- _WHAT THIS TASK INVOLVES_:
All of the data below should be written out exactly.

Dataset excerpts

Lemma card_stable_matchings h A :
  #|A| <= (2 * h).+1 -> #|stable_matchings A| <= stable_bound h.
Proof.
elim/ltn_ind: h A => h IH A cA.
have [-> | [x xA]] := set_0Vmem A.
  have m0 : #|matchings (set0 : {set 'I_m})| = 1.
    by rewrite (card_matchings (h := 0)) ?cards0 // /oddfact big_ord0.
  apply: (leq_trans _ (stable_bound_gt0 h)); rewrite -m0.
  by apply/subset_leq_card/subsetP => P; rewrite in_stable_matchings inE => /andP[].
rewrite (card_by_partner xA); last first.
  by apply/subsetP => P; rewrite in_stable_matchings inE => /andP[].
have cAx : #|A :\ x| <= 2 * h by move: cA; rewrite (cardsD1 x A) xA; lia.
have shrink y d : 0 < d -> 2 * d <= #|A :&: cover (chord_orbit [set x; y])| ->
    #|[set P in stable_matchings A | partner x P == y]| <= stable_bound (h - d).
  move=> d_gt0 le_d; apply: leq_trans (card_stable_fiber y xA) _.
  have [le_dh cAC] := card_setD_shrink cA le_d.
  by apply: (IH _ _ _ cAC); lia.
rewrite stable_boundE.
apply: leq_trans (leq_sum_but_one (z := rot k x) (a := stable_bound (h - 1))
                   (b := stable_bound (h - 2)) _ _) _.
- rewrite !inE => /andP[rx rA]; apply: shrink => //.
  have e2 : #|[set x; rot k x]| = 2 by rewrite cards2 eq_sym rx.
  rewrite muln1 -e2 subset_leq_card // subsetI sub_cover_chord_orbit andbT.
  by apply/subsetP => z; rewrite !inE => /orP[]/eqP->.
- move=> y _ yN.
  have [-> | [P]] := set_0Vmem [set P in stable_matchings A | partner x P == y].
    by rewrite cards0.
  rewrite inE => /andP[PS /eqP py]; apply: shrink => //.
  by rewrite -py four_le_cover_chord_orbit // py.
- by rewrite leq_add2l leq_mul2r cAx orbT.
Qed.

- _SOLUTION_:
Lemma card_stable_matchings h A :
  #|A| <= (2 * h).+1 -> #|stable_matchings A| <= stable_bound h.
Proof.
elim/ltn_ind: h A => h IH A cA.
have [-> | [x xA]] := set_0Vmem A.
  have m0 : #|matchings (set0 : {set 'I_m})| = 1.
    by rewrite (card_matchings (h := 0)) ?cards0 // /oddfact big_ord0.
  apply: (leq_trans _ (stable_bound_gt0 h)); rewrite -m0.
  by apply/subset_leq_card/subsetP => P; rewrite in_stable_matchings inE => /andP[].
rewrite (card_by_partner xA); last first.
  by apply/subsetP => P; rewrite in_stable_matchings inE => /andP[].
have cAx : #|A :\ x| <= 2 * h by move: cA; rewrite (cardsD1 x A) xA; lia.
have shrink y d : 0 < d -> 2 * d <= #|A :&: cover (chord_orbit [set x; y])| ->
    #|[set P in stable_matchings A | partner x P == y]| <= stable_bound (h - d).
  move=> d_gt0 le_d; apply: leq_trans (card_stable_fiber y xA) _.
  have [le_dh cAC] := card_setD_shrink cA le_d.
  by apply: (IH _ _ _ cAC); lia.
rewrite stable_boundE.
apply: leq_trans (leq_sum_but_one (z := rot k x) (a := stable_bound (h - 1))
                   (b := stable_bound (h - 2)) _ _) _.
- rewrite !inE => /andP[rx rA]; apply: shrink => //.
  have e2 : #|[set x; rot k x]| = 2 by rewrite cards2 eq_sym rx.
  rewrite muln1 -e2 subset_leq_card // subsetI sub_cover_chord_orbit andbT.
  by apply/subsetP => z; rewrite !inE => /orP[]/eqP->.
- move=> y _ yN.
  have [-> | [P]] := set_0Vmem [set P in stable_matchings A | partner x P == y].
    by rewrite cards0.
  rewrite inE => /andP[PS /eqP py]; apply: shrink => //.
  by rewrite -py four_le_cover_chord_orbit // py.
- by rewrite leq_add2l leq_mul2r cAx orbT.
Qed.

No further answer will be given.